Today’s post is my reaction to “What Caused the U.S. Pandemic-Era Inflation?“ by Ben Bernanke and Olivier Blanchard. The errors here are my own. Go to the authors, too: here’s the paper, news coverage, a video, and a tweet thread.
My summary: Bernanke and Blanchard argue that supply disruptions and commodity price swings due to Covid and especially the war in Ukraine have contributed substantially to inflation, The strong labor market and the extra demand for goods that were often in short supply led to inflation too. Both inflation optimists and inflation pessimists were right and wrong about inflation in different ways. It’s complicated. The question now is how much the labor market (and the demand supports) continues to push up inflation, Getting ‘stuck’ above its 2% target would be a bad outcome and in line with the inflation pessimists. There’s something for everyone in their paper, it ain’t over, and it’s important.
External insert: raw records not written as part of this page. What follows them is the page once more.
(* Testing against the constant 1 shows P(t, a) -> 1 as a -> 0+, so dividing by P does not
   change the weak limit, while the factor n(t, a) tends to n(t, 0). *)
Lemma reset_delta_rescale (phi : R -> R -> R -> R) (P n : R -> R -> R) vr :
  (forall t a, 0 < t -> 0 < a -> is_RInt_minf (phi t a) (P t a)) ->
  reset_delta phi vr (fun _ => 1) ->
  (forall t, 0 < t -> lim_right (fun a => n t a) 0 (n t 0)) ->
  reset_delta (fun t a v => phi t a v / P t a * n t a) vr (fun t => n t 0).
Proof.
  intros HP Hreset Hn t Ht g Hg eps He.
  destruct (mult_ratio_continuity (g vr) (n t 0) eps He) as [eta [Heta Hcont]].
  assert (T1 : test_fn (fun _ => 1)).
  { split; [apply continuity_const; intros x y; reflexivity|].
    exists 1. intros; rewrite Rabs_R1; lra. }
  destruct (Hreset t Ht g Hg eta Heta) as [d1 [Hd1 H1]].
  destruct (Hreset t Ht _ T1 eta Heta) as [d2 [Hd2 H2]].
  destruct (Hn t Ht eta Heta) as [d3 [Hd3 H3]].
  exists (Rmin d1 (Rmin d2 d3)). split; [repeat apply Rmin_pos; assumption|].
  pose proof (Rmin_l d1 (Rmin d2 d3)). pose proof (Rmin_r d1 (Rmin d2 d3)).
  pose proof (Rmin_l d2 d3). pose proof (Rmin_r d2 d3).
  intros a Ha.
  destruct (H1 a ltac:(lra)) as [I [HI HIb]]. destruct (H2 a ltac:(lra)) as [J [HJ HJb]].
  apply RInt_minf_is_iff in HI. apply RInt_minf_is_iff in HJ.
  assert (HJP : J = P t a).
  { apply (is_RInt_minf_unique (phi t a)); [|apply HP; lra].
    apply (is_RInt_minf_ext (fun v => phi t a v * 1)); [intros; ring | exact HJ]. }
  subst J. rewrite Rmult_1_r in HIb, HJb.
  exists (n t a / P t a * I). split.
  - apply RInt_minf_is_iff.
    apply (is_RInt_minf_ext (fun v => n t a / P t a * (phi t a v * g v))); [intros; unfold Rdiv; ring|].
    apply is_RInt_minf_scal. exact HI.
  - replace (n t a / P t a * I) with (I * (n t a / P t a)) by ring.
    apply Hcont; [exact HIb | exact HJb | apply H3; lra].
Qed.

Lemma derivable_pt_lim_div_mult_fun (f P n : R -> R) x df dP dn :
  derivable_pt_lim f x df -> derivable_pt_lim P x dP -> derivable_pt_lim n x dn -> P x <> 0 ->
  derivable_pt_lim (fun s => f s / P s * n s) x
    (df / P x * n x + f x * ((dn * P x - n x * dP) / (P x * P x))).
Proof.
  intros Hf HP Hn HP0.
  pose proof (derivable_pt_lim_mult _ n x _ _ (derivable_pt_lim_div f P x _ _ Hf HP HP0) Hn) as H.
  replace (df / P x * n x + f x * ((dn * P x - n x * dP) / (P x * P x)))
    with ((df * P x - dP * f x) / (P x)² * n x + f x / P x * dn) by (unfold Rsqr; field; exact HP0).
  exact H.
Qed.
(* Let $N$ be the surface described in the context, with $l>0$. Then no configuration $(x_1,x_2)$ with $x_1,x_2$ in the interior $\{(t,\theta):0<t<l\}$ of the cylinder $C\subset N$ is midpoint secure in $N$.
   Context: Construction of $N$: let $C=[0,l]\times S^1$ be the flat cylinder of length $l>0$ and radius $1$, with points written $(t,\theta)$, $t\in[0,l]$, $\theta\in\mathbb{R}/2\pi\mathbb{Z}$. Let $H_0$ and $H_l$ be two hemispheres of the round unit sphere, and let $N$ be obtained by gluing the equator of $H_0$ isometrically to $\{0\}\times S^1$ and the equator of $H_l$ isometrically to $\{l\}\times S^1$, so that $N$ is a closed $C^1$ surface with a piecewise smooth Riemannian metric; geodesics of $N$ are the $C^1$ curves that are geodesics in each of the pieces $C,H_0,H_l$. Conventions: a geodesic has positive finite length and is parametrized by $[0,1]$ proportionally to arclength. $G(x,y)$ is the set of geodesics $\gamma$ with $\gamma(0)=x$, $\gamma(1)=y$. A set $B$ is a midpoint blocking set for $G(x,y)$ if $\gamma(1/2)\in B$ for every $\gamma\in G(x,y)$ (endpoints allowed in $B$); $(x,y)$ is midpoint secure if $G(x,y)$ has a finite midpoint blocking set. *)

From Stdlib Require Import Reals Lra List.
Open Scope R_scope.

(** Points of R^3.  The surface N is realised by its standard isometric
    embedding in R^3 as a "capsule": the cylinder
      C  = { x^2+y^2 = 1, 0 <= z <= l }   ((t,theta) |-> (cos theta, sin theta, t)),
    the lower unit hemisphere H_0 centred at (0,0,0) with z <= 0, and the
    upper unit hemisphere H_l centred at (0,0,l) with z >= l.  The induced
    metric is the glued piecewise smooth metric of N. *)
Record pt := Pt { px : R; py : R; pz : R }.

Inductive piece := PC | PH0 | PHl.

Definition in_piece (l : R) (P : piece) (p : pt) : Prop :=
  match P with
  | PC  => px p ^ 2 + py p ^ 2 = 1 /\ 0 <= pz p <= l
  | PH0 => px p ^ 2 + py p ^ 2 + pz p ^ 2 = 1 /\ pz p <= 0
  | PHl => px p ^ 2 + py p ^ 2 + (pz p - l) ^ 2 = 1 /\ l <= pz p
  end.

Definition in_N (l : R) (p : pt) : Prop :=
  in_piece l PC p \/ in_piece l PH0 p \/ in_piece l PHl p.

Definition normal (l : R) (P : piece) (p : pt) : pt :=
  match P with
  | PC  => Pt (px p) (py p) 0
  | PH0 => Pt (px p) (py p) (pz p)
  | PHl => Pt (px p) (py p) (pz p - l)
  end.

Definition cyl_pt (t theta : R) : pt := Pt (cos theta) (sin theta) t.

Definition has_deriv_on (f f' : R -> R) (a b : R) : Prop :=
  forall t, a <= t <= b ->
  forall eps, 0 < eps -> exists delta, 0 < delta /\
    forall h, h <> 0 -> Rabs h < delta -> a <= t + h <= b ->
      Rabs ((f (t + h) - f t) / h - f' t) < eps.

Definition cont_on (f : R -> R) (a b : R) : Prop :=
  forall t, a <= t <= b ->
  forall eps, 0 < eps -> exists delta, 0 < delta /\
    forall s, a <= s <= b -> Rabs (s - t) < delta -> Rabs (f s - f t) < eps.

Definition comps : list (pt -> R) := px :: py :: pz :: nil.

(** A geodesic of N: a C^1 map g : [0,1] -> N (only values on [0,1] matter),
    with constant positive speed L (= its length, so it is parametrised
    proportionally to arclength), which is a geodesic of each piece P on
    every open time interval during which it stays in P: there it is C^2
    and its acceleration is normal to P (vanishing covariant acceleration). *)
Definition is_geodesic (l : R) (g : R -> pt) : Prop :=
  (forall t, 0 <= t <= 1 -> in_N l (g t)) /\
  exists g' : R -> pt,
    (forall c, In c comps ->
       has_deriv_on (fun t => c (g t)) (fun t => c (g' t)) 0 1 /\
       cont_on (fun t => c (g' t)) 0 1) /\
    (exists L, 0 < L /\
       forall t, 0 <= t <= 1 ->
         px (g' t) ^ 2 + py (g' t) ^ 2 + pz (g' t) ^ 2 = L ^ 2) /\
    (forall (P : piece) a b, 0 <= a -> a < b -> b <= 1 ->
       (forall t, a < t < b -> in_piece l P (g t)) ->
       forall t, a < t < b ->
         exists acc : pt,
           (forall c, In c comps ->
              derivable_pt_lim (fun s => c (g' s)) t (c acc)) /\
           exists lam : R,
             forall c, In c comps -> c acc = lam * c (normal l P (g t))).

Definition in_G (l : R) (x y : pt) (g : R -> pt) : Prop :=
  is_geodesic l g /\ g 0 = x /\ g 1 = y.

Definition midpoint_blocking (l : R) (x y : pt) (B : list pt) : Prop :=
  forall g, in_G l x y g -> In (g (1/2)) B.

Definition midpoint_secure (l : R) (x y : pt) : Prop :=
  exists B : list pt, midpoint_blocking l x y B.

From Stdlib Require Import Reals Lra Lia List FinFun.
Open Scope R_scope.
(* Let $\mathsf{V}$ be the subvariety of $V(\mathsf{BCA})$ axiomatised, relative to $V(\mathsf{BCA})$, by the identity $J_2\neg x\approx\neg J_2x$. Then $\mathsf{V}$ coincides with the join $\mathsf{BA}\vee\mathsf{SL}$ in the lattice of subvarieties of $V(\mathsf{BCA})$.
   Context: $\mathbf{WK}^e$ is the three-element algebra on $\{0,\tfrac12,1\}$ of type $\langle\wedge,\vee,\neg,J_2,0,1\rangle$. Its operations are: - $\neg$ swaps $0,1$ and fixes $\tfrac12$; - $\wedge,\vee$ are Boolean on $\{0,1\}$ and return $\tfrac12$ whenever some argument is $\tfrac12$; - $J_2(1)=1$ and $J_2(\tfrac12)=J_2(0)=0$. $\mathsf{BCA}=ISP(\mathbf{WK}^e)$, and $V(\mathsf{BCA})=HSP(\mathbf{WK}^e)$ is the variety it generates. $\mathsf{BA}$ is the subvariety of $V(\mathsf{BCA})$ axiomatised relative to $V(\mathsf{BCA})$ by $J_2x\approx x$. $\mathsf{SL}$ is the subvariety axiomatised relative to $V(\mathsf{BCA})$ by $J_2x\approx 1$. *)

Record Algebra := mkAlgebra {
  car : Type;
  a_meet : car -> car -> car;
  a_join : car -> car -> car;
  a_neg : car -> car;
  a_J2 : car -> car;
  a_zero : car;
  a_one : car }.

Definition is_hom (A B : Algebra) (f : car A -> car B) : Prop :=
  (forall x y, f (a_meet A x y) = a_meet B (f x) (f y)) /\
  (forall x y, f (a_join A x y) = a_join B (f x) (f y)) /\
  (forall x, f (a_neg A x) = a_neg B (f x)) /\
  (forall x, f (a_J2 A x) = a_J2 B (f x)) /\
  f (a_zero A) = a_zero B /\
  f (a_one A) = a_one B.

Definition injective {X Y : Type} (f : X -> Y) : Prop :=
  forall x y, f x = f y -> x = y.
Definition surjective {X Y : Type} (f : X -> Y) : Prop :=
  forall y, exists x, f x = y.

Definition prodAlg (I : Type) (B : I -> Algebra) : Algebra :=
  {| car := forall i, car (B i);
     a_meet := fun x y i => a_meet (B i) (x i) (y i);
     a_join := fun x y i => a_join (B i) (x i) (y i);
     a_neg := fun x i => a_neg (B i) (x i);
     a_J2 := fun x i => a_J2 (B i) (x i);
     a_zero := fun i => a_zero (B i);
     a_one := fun i => a_one (B i) |}.

Definition AlgClass := Algebra -> Prop.

Definition Hop (K : AlgClass) : AlgClass := fun A =>
  exists B f, K B /\ is_hom B A f /\ surjective f.
Definition Sop (K : AlgClass) : AlgClass := fun A =>
  exists B f, K B /\ is_hom A B f /\ injective f.
Definition Pop (K : AlgClass) : AlgClass := fun A =>
  exists (I : Type) (B : I -> Algebra) (f : car A -> car (prodAlg I B)),
    (forall i, K (B i)) /\ is_hom A (prodAlg I B) f /\ injective f /\ surjective f.

Definition HSP (K : AlgClass) : AlgClass := Hop (Sop (Pop K)).

Definition is_variety (K : AlgClass) : Prop :=
  (forall A, Hop K A -> K A) /\ (forall A, Sop K A -> K A) /\
  (forall A, Pop K A -> K A).

Definition var_join (K1 K2 : AlgClass) : AlgClass := fun A =>
  forall W : AlgClass, is_variety W ->
    (forall B, K1 B -> W B) -> (forall B, K2 B -> W B) -> W A.

Inductive term : Type :=
  | tVar : nat -> term
  | tMeet : term -> term -> term
  | tJoin : term -> term -> term
  | tNeg : term -> term
  | tJ2 : term -> term
  | tZero : term
  | tOne : term.

Fixpoint eval (A : Algebra) (v : nat -> car A) (t : term) : car A :=
  match t with
  | tVar n => v n
  | tMeet s u => a_meet A (eval A v s) (eval A v u)
  | tJoin s u => a_join A (eval A v s) (eval A v u)
  | tNeg s => a_neg A (eval A v s)
  | tJ2 s => a_J2 A (eval A v s)
  | tZero => a_zero A
  | tOne => a_one A
  end.

Definition satisfies (A : Algebra) (s t : term) : Prop :=
  forall v : nat -> car A, eval A v s = eval A v t.

(** The three-element algebra WK^e on {0, 1/2, 1}. *)
Inductive three : Type := T0 | Th | T1.

Definition wk_neg (x : three) : three :=
  match x with T0 => T1 | Th => Th | T1 => T0 end.
Definition wk_meet (x y : three) : three :=
  match x, y with
  | Th, _ | _, Th => Th
  | T1, T1 => T1
  | _, _ => T0
  end.
Definition wk_join (x y : three) : three :=
  match x, y with
  | Th, _ | _, Th => Th
  | T0, T0 => T0
  | _, _ => T1
  end.
Definition wk_J2 (x : three) : three :=
  match x with T1 => T1 | _ => T0 end.

Definition WKe : Algebra :=
  {| car := three; a_meet := wk_meet; a_join := wk_join; a_neg := wk_neg;
     a_J2 := wk_J2; a_zero := T0; a_one := T1 |}.

Definition VBCA : AlgClass := HSP (fun A => A = WKe).

Definition rel_axiomatised (s t : term) : AlgClass := fun A =>
  VBCA A /\ satisfies A s t.

Definition x0 : term := tVar 0.

Definition BA : AlgClass := rel_axiomatised (tJ2 x0) x0.
Definition SL : AlgClass := rel_axiomatised (tJ2 x0) tOne.

Definition Vneg : AlgClass := rel_axiomatised (tJ2 (tNeg x0)) (tNeg (tJ2 x0)).

(** If [J2] commutes with [¬], then, since [J2] preserves [∧] in WK^e, De Morgan makes
    [J2] an idempotent endomorphism of the [∧, ∨, ¬]-reduct, so its image is a quotient of
    [A] satisfying [J2 x ≈ x].  The map [x ↦ x ∧ 0] is likewise a retraction onto a
    quotient satisfying [J2 x ≈ 1].  As [x ≈ J2 x ∨ (x ∧ 0)] holds in WK^e, the two maps
    separate points, so [A] is a subdirect product of an algebra in BA and one in SL.
    Conversely BA and SL satisfy [J2 ¬x ≈ ¬J2 x] (in SL because [0 ≈ J2 0 ≈ 1]), and the
    members of V(BCA) satisfying an identity form a variety by Tarski's HSP calculus. *)

From Stdlib Require Import IndefiniteDescription ProofIrrelevance FunctionalExtensionality.
(* Let $p\in(0,1)$ and let $Y_1,Y_2,\dots$ be i.i.d. with $Y_i=1-\mathrm{Geo}(p)$. Let $f(x)=(2-x)^{2-x}p(1-p)^{1-x}(1-x)^{x-1}$ for $x\le1$ (with $0^0=1$). (a) There is an absolute constant $C$ such that for every $a\in[2-p^{-1},1]$ and every positive integer $m$, $\Pr[Y_1+\dots+Y_m\ge am]\le Cmf(a)^m$. (b) As $m\to\infty$, uniformly for all $a\in[0,1]$, $\Pr[Y_1+\dots+Y_m\ge am]\ge[f(a)-o(1)]^m$. (c) If $p\ge1/2$, then as $m\to\infty$, uniformly for all $a\in[0,2-\frac1p]$, $\Pr[Y_1+\dots+Y_m\ge am]\ge[1-o(1)]^m$.
   Context: $\mathrm{Geo}(p)$ has $\Pr[\mathrm{Geo}(p)=k]=(1-p)^kp$ for integers $k\ge0$. *)

From Stdlib Require Import Reals.
From Coquelicot Require Import Coquelicot.
Open Scope R_scope.

Definition geo_pmf (p : R) (k : nat) : R := (1 - p) ^ k * p.

Definition conv (u v : nat -> R) (n : nat) : R :=
  sum_f_R0 (fun i => u i * v (n - i)%nat) n.

(* law of G_1 + ... + G_m for G_i i.i.d. Geo(p) (m-fold convolution) *)
Fixpoint geo_sum_pmf (p : R) (m : nat) : nat -> R :=
  match m with
  | O => fun n => if Nat.eqb n 0 then 1 else 0
  | S m' => conv (geo_pmf p) (geo_sum_pmf p m')
  end.

(* Pr[Y_1 + ... + Y_m >= a m] where Y_i = 1 - G_i, so
   Y_1 + ... + Y_m = m - (G_1 + ... + G_m). *)
Definition prob_sumY_ge (p : R) (m : nat) (a : R) : R :=
  Series (fun k => if Rle_dec (a * INR m) (INR m - INR k)
                   then geo_sum_pmf p m k else 0).

(* real power b^e for b >= 0, with the convention 0^0 = 1 *)
Definition rpow0 (b e : R) : R :=
  if Req_EM_T b 0 then (if Req_EM_T e 0 then 1 else 0) else Rpower b e.

Definition fgeo (p x : R) : R :=
  rpow0 (2 - x) (2 - x) * p * rpow0 (1 - p) (1 - x) * rpow0 (1 - x) (x - 1).

From Stdlib Require Import Reals Lra Lia.
From Coquelicot Require Import Coquelicot.
Open Scope R_scope.

(* G = G_1 + ... + G_m is negative binomial, Pr[G = k] = C(k+m-1, k) p^m (1-p)^k, with
   generating function E[x^G] = (p / (1 - (1-p) x))^m, and Y_1 + ... + Y_m >= a m is the
   event G <= b m with b = 1 - a.  Write f(a) = exp (geo_rate p b).
   (a) Chernoff: Pr[G <= b m] <= x^(-b m) E[x^G] for 0 < x <= 1; the optimal
   x = b / ((1+b)(1-p)) is admissible exactly when b <= 1/p - 1, i.e. a >= 2 - 1/p, and
   gives f(a)^m.
   (b) One term suffices: C(k+m, k) k^k m^m is the largest of the k+m+1 terms of the
   binomial expansion of (k+m)^(k+m), so C(k+m, k) >= (k+m)^(k+m) / (k^k m^m (k+m+1)) and
   Pr[G = k] >= exp (m geo_rate p (k/m)) / (6 m).  Taking k = floor (b m) costs a factor
   1 / (e^3 m), as geo_rate is Lipschitz up to a t ln t term.  The polynomial loss
   1 / (6 e^3 m^2) is absorbed into f - o(1); where f - o(1) < 0 one uses Pr >= p^m.
   (c) is (b) at b = 1/p - 1 (the mean of G/m), where geo_rate vanishes. *)

Local Notation binom := Binomial.C.
Theorem lemma2p4 (R : realType) (X : completeNormedModType R)
  (D : set X) (tau : set (set X)) (C : set X) (eps : R) (n k : nat)
  (lam : 'I_n -> R) (x : 'I_k -> X) (Ot : 'I_n -> set X) :
  closed D -> bounded_set D -> cvx_set D ->
  is_topology_on D tau -> locally_convex_top tau -> contains_rel_weak D tau ->
  cvx_set C -> C `<=` D -> 0 < eps -> pos_simplex lam ->
  (forall i, Ot i !=set0 /\ rel_open tau C (Ot i)) ->
  exists O : 'I_n -> set X,
    [/\ (forall i, O i !=set0 /\ rel_open tau (Ot i) (O i)),
        (diam (mink_comb lam O) <= subdiam tau lam O + eps%:E)%E &
        (set_dist (range x) (mink_comb lam O) >= subdiam tau lam O * (2^-1)%:E - eps%:E)%E].
Proof.
move=> _ D_bd _ tau_top _ tau_weak _ CD eps0 lam_simplex Ot_open.
have [M _ DM] := ex_strict_bound_gt0 D_bd.
have OtD i : Ot i `<=` D.
  by apply: subset_trans CD; apply: rel_open_subset (Ot_open i).2.
have Ot_fin : subdiam tau lam Ot \is a fin_num.
  apply: (subdiam_fin_num tau_top lam_simplex (M := M)) => // [i|i y /OtD /DM /ltW //].
  by case: (Ot_open i).
set s := fine (subdiam tau lam Ot); have Ot_s : subdiam tau lam Ot = s%:E by rewrite fineK.
have eps2 : 0 < eps / 2 by rewrite divr_gt0.
have [U0 [OtU0 U0_diam]] := subdiam_approx Ot_s eps2.
have U0_wide V : refinement tau U0 V -> ((s - eps / 2)%:E < diam (mink_comb lam V))%E.
  move=> U0V; apply: lt_le_trans (subdiam_le_diam lam (refinement_trans tau_top OtU0 U0V)).
  by rewrite Ot_s lte_fin ltrBlDr ltrDl.
have [V [U0V V_far]] := far_refinement_seq tau_top tau_weak lam_simplex (codom x) eps2
  (fun i => (OtU0 i).1) (refinement_subset_trans OtD OtU0) U0_wide.
have OtV := refinement_trans tau_top OtU0 U0V.
have V_diam : (diam (mink_comb lam V) <= (s + eps / 2)%:E)%E.
  by apply: le_trans U0_diam; apply: diamS; apply: mink_combS; apply: refinement_subset U0V.
have [t V_t /andP[s_le_t t_le]] := subdiam_refinement_bounds tau_top OtD Ot_s OtV V_diam.
exists V; rewrite V_t; split=> //.
  by rewrite -EFinD (le_trans V_diam) // lee_fin; lra.
rewrite -EFinM -EFinB; apply: le_ereal_inf_tmp => _ [_ [j _ <-] [z Vz <-]].
rewrite lee_fin (le_trans _ (V_far _ _ (codom_f x j) Vz)) //; lra.
Qed.
(* Let $0<\alpha<\pi/4$, $\beta=\pi/4$, and let $F,G_1,G_2$, $X_{\pm\pm}$, $s_{\max}$, $v$ be as in the context. Let $\theta(\alpha)=\arcsin\left(\frac{-2\sqrt2\sin\alpha\cos\alpha}{1+\cos^2\alpha}\right)$ and write $c=\cos\theta(\alpha)$, $\sigma=\sin\theta(\alpha)$. Then $$e^{v(s_{\max})X_{++}}=\begin{pmatrix}0&-1&0\\ c&0&\sigma\\ -\sigma&0&c\end{pmatrix},\quad e^{v(s_{\max})X_{+-}}=\begin{pmatrix}0&-c&-\sigma\\ 1&0&0\\ 0&-\sigma&c\end{pmatrix},$$ $$e^{v(s_{\max})X_{--}}=\begin{pmatrix}0&-1&0\\ c&0&-\sigma\\ \sigma&0&c\end{pmatrix},\quad e^{v(s_{\max})X_{-+}}=\begin{pmatrix}0&-c&\sigma\\ 1&0&0\\ 0&\sigma&c\end{pmatrix}.$$
   Context: $F=\cos\alpha\begin{pmatrix}0&-1&0\\1&0&0\\0&0&0\end{pmatrix}$, $G_1=\sin\alpha\sin\beta\begin{pmatrix}0&0&0\\0&0&-1\\0&1&0\end{pmatrix}$, $G_2=\sin\alpha\cos\beta\begin{pmatrix}0&0&-1\\0&0&0\\1&0&0\end{pmatrix}$, and $X_{ab}=F+aG_1+bG_2$ for $a,b\in\{+1,-1\}$ (written $X_{++},X_{+-},X_{--},X_{-+}$). $s_{\max}=\arccos\left(-\frac{\sin^2\alpha}{1+\cos^2\alpha}\right)$. For $s\in[0,s_{\max}]$, $v(s)=\arccos\left[\frac{d-A(s)-B(s)-C(s)}{e-A(s)+B(s)}\right]$ with $A(s)=8\cos\alpha\sin^2\alpha\sin s$, $B(s)=2\sin^2(2\alpha)\cos s$, $C(s)=4\sin^4\alpha\cos(2s)$, $d=\sin^2(2\alpha)$, $e=5+2\cos2\alpha+\cos4\alpha$; this is the duration of interior bang arcs of normal extremals of $\dot x=(F+u_1G_1+u_2G_2)x$ on $S^2$ starting from $(0,0,1)$ whose first bang arc has duration $s$. *)

From HB Require Import structures.
From mathcomp Require Import all_boot all_order all_algebra.
From mathcomp Require Import all_classical all_reals all_analysis.
Set Implicit Arguments. Unset Strict Implicit. Unset Printing Implicit Defensive.
Import Order.TTheory GRing.Theory Num.Theory.
Import numFieldNormedType.Exports.
Local Open Scope classical_set_scope.
Local Open Scope ring_scope.
Let ft_abs2_ge0 t : 0 <= ft_abs2 mu t.
Proof. by rewrite addr_ge0 ?sqr_ge0. Qed.

Lemma Bessel_ft_ball_integral_sum (rho : R) (x : 'rV[R]_d) (s : seq 'rV[R]_d) :
  0 <= rho -> uniq s -> (forall l, l \in s -> Lam l /\ eball x rho l) ->
  (\sum_(l <- s) ft_ball_integral mu rho <=
   (C * fine (mu setT) * (4 * rho) ^+ d)%:E)%E.
Proof.
move=> rho0 us sLam.
pose box (y : 'rV[R]_d) := \prod_(i < d) \1_(ball (x ord0 i) (rho + rho)) (y ord0 i) : R.
pose g l y := (box y * ft_abs2 mu (y - l))%:E.
have g0 l y : (0 <= g l y)%E by rewrite lee_fin mulr_ge0 ?prodr_ge0.
apply: (@le_trans _ _ (\sum_(l <- s) leb_int (g l))%E).
  rewrite big_seq [leRHS]big_seq; apply: lee_sum => l ls.
  rewrite /ft_ball_integral -(leb_int_shift _ (- l)).
  apply: le_leb_int => [t|t]; first by rewrite lee_fin mulr_ge0.
  by rewrite /g lee_fin ler_wpM2r// indic_eball_le_box//; have [] := sLam l ls.
apply: le_trans (leb_int_sum s g0) _.
have muT0 : 0 <= fine (mu setT) by rewrite fine_ge0// measure_ge0.
rewrite (_ : 4 * rho = (rho + rho) *+ 2); last by rewrite -mulr_natl; ring.
rewrite -(leb_int_box x) ?addr_ge0 ?mulr_ge0 ?(ltW C_gt0)//.
apply: le_leb_int => [t|t]; first exact: sume_ge0.
rewrite sumEFin lee_fin -mulr_sumr mulrC; apply: ler_wpM2r; first exact: prodr_ge0.
have := Bessel_ft_abs2_sum BesselC t us (fun l ls => (sLam l ls).1).
by rewrite -lee_fin -sumEFin EFinM fineK// fin_num_measure.
Qed.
Putting words into pictures, here is their Money Chart:
Shortages (in yellow), food prices (light blue), and energy prices (dark blue) explain the spikes in inflation more than the labor market (red). Even so, as the supply-side contributions wane, those from the labor market have persisted and could keep inflation staying elevated.
Bernanke and Blanchard’s model-based findings align with the statistical decomposition by Adam Shapiro, an economist at the San Francisco Fed. Of course, there is research that comes to the opposite conclusion.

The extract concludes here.